(Data extracted from a collection)
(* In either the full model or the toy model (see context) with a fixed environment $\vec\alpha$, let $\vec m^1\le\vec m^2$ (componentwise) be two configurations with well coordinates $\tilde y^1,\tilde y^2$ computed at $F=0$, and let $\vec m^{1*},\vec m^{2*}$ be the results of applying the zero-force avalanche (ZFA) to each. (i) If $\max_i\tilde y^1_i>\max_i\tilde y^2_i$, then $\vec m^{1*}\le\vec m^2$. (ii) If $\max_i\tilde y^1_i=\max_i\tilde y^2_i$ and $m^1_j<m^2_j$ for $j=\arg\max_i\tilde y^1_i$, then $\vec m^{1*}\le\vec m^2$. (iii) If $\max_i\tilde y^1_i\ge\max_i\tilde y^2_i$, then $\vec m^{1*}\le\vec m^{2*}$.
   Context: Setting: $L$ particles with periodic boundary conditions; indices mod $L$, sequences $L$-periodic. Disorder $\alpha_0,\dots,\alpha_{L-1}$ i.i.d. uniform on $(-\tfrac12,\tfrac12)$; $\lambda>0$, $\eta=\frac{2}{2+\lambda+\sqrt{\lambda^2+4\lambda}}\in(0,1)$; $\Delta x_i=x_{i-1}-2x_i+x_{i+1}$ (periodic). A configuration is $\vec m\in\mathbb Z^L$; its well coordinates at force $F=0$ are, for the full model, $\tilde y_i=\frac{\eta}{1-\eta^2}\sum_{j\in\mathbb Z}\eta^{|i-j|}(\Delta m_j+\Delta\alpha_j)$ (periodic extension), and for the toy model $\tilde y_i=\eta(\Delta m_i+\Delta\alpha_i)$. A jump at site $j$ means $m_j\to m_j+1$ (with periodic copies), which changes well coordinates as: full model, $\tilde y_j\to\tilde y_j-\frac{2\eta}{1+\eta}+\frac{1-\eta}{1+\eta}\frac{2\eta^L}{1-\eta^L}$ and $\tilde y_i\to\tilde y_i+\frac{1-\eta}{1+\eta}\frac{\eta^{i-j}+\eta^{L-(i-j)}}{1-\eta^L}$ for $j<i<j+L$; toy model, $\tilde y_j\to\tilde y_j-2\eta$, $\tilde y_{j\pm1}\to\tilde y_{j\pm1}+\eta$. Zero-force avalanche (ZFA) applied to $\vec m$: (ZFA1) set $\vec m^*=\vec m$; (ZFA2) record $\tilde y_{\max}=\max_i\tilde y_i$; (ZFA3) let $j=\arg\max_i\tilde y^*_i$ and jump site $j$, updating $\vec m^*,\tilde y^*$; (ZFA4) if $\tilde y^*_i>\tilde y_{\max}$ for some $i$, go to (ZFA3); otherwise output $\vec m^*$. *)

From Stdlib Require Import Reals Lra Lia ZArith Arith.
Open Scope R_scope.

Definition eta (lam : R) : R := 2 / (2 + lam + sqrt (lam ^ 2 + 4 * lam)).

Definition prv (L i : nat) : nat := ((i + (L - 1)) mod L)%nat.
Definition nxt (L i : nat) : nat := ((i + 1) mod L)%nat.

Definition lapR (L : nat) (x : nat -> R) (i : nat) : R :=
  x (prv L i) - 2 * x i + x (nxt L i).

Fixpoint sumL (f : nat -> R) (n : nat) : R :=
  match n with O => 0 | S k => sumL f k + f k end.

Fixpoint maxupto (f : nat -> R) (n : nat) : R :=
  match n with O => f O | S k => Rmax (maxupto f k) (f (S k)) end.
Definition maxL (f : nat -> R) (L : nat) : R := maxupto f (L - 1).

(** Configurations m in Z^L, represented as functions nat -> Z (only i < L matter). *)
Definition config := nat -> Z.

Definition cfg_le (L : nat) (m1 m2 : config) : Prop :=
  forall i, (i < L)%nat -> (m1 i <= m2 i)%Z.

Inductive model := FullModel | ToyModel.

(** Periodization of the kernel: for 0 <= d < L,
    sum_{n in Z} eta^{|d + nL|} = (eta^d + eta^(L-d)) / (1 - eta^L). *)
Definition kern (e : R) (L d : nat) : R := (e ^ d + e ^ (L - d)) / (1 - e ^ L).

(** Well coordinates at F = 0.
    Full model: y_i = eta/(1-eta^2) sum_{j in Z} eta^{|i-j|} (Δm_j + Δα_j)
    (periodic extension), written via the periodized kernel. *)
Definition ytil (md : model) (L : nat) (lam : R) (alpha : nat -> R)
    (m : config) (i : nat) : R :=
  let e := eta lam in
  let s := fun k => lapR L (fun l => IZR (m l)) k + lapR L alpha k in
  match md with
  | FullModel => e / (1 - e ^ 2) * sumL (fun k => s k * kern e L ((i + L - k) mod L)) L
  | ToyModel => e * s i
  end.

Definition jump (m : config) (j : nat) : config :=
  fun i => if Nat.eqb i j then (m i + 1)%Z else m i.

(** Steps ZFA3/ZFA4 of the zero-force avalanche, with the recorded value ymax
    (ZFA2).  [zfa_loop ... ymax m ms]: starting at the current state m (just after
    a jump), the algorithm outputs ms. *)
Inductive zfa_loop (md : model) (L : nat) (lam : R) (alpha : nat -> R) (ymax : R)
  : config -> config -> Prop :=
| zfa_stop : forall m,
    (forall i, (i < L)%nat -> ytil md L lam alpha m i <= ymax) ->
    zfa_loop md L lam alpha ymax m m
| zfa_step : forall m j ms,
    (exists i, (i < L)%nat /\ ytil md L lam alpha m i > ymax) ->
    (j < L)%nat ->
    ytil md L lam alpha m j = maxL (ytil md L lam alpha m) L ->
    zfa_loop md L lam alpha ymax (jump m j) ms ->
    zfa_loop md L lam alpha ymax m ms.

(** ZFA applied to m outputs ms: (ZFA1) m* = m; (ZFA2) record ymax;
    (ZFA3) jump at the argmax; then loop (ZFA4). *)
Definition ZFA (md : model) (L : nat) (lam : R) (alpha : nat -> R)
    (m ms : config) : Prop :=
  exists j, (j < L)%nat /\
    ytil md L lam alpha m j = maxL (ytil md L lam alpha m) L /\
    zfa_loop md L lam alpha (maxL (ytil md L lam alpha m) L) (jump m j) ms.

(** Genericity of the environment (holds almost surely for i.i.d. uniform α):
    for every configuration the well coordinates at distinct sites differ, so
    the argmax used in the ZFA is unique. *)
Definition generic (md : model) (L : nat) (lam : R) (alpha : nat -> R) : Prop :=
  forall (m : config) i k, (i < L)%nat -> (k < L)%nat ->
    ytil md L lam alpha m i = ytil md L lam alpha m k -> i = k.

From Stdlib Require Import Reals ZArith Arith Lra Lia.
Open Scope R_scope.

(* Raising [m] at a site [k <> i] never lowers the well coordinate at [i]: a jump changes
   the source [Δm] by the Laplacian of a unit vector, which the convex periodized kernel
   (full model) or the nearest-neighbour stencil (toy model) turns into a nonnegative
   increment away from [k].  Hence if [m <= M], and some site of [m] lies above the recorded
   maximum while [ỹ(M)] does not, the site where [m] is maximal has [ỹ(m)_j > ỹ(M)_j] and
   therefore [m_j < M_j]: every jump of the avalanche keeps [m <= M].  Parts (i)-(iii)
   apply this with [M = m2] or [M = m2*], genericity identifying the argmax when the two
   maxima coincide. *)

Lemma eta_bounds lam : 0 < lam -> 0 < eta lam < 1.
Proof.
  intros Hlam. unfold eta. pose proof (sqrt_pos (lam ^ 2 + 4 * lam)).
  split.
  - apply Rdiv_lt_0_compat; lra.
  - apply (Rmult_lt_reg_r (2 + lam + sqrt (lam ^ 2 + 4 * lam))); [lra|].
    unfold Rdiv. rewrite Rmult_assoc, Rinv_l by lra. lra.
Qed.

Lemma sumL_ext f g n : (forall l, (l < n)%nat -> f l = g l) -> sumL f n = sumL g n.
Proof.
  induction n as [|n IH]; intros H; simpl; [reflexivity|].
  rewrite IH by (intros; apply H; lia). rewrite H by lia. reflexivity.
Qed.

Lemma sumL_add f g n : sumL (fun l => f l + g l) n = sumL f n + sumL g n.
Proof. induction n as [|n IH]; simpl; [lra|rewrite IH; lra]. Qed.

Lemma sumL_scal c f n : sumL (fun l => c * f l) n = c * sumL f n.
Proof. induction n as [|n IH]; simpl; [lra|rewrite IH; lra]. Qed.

(ASSIGNMENT):
Show all lines in the records above that hold "intros".

(SOLUTION TO THIS TASK):
  intros Hlam. unfold eta. pose proof (sqrt_pos (lam ^ 2 + 4 * lam)).
  induction n as [|n IH]; intros H; simpl; [reflexivity|].
  rewrite IH by (intros; apply H; lia). rewrite H by lia. reflexivity.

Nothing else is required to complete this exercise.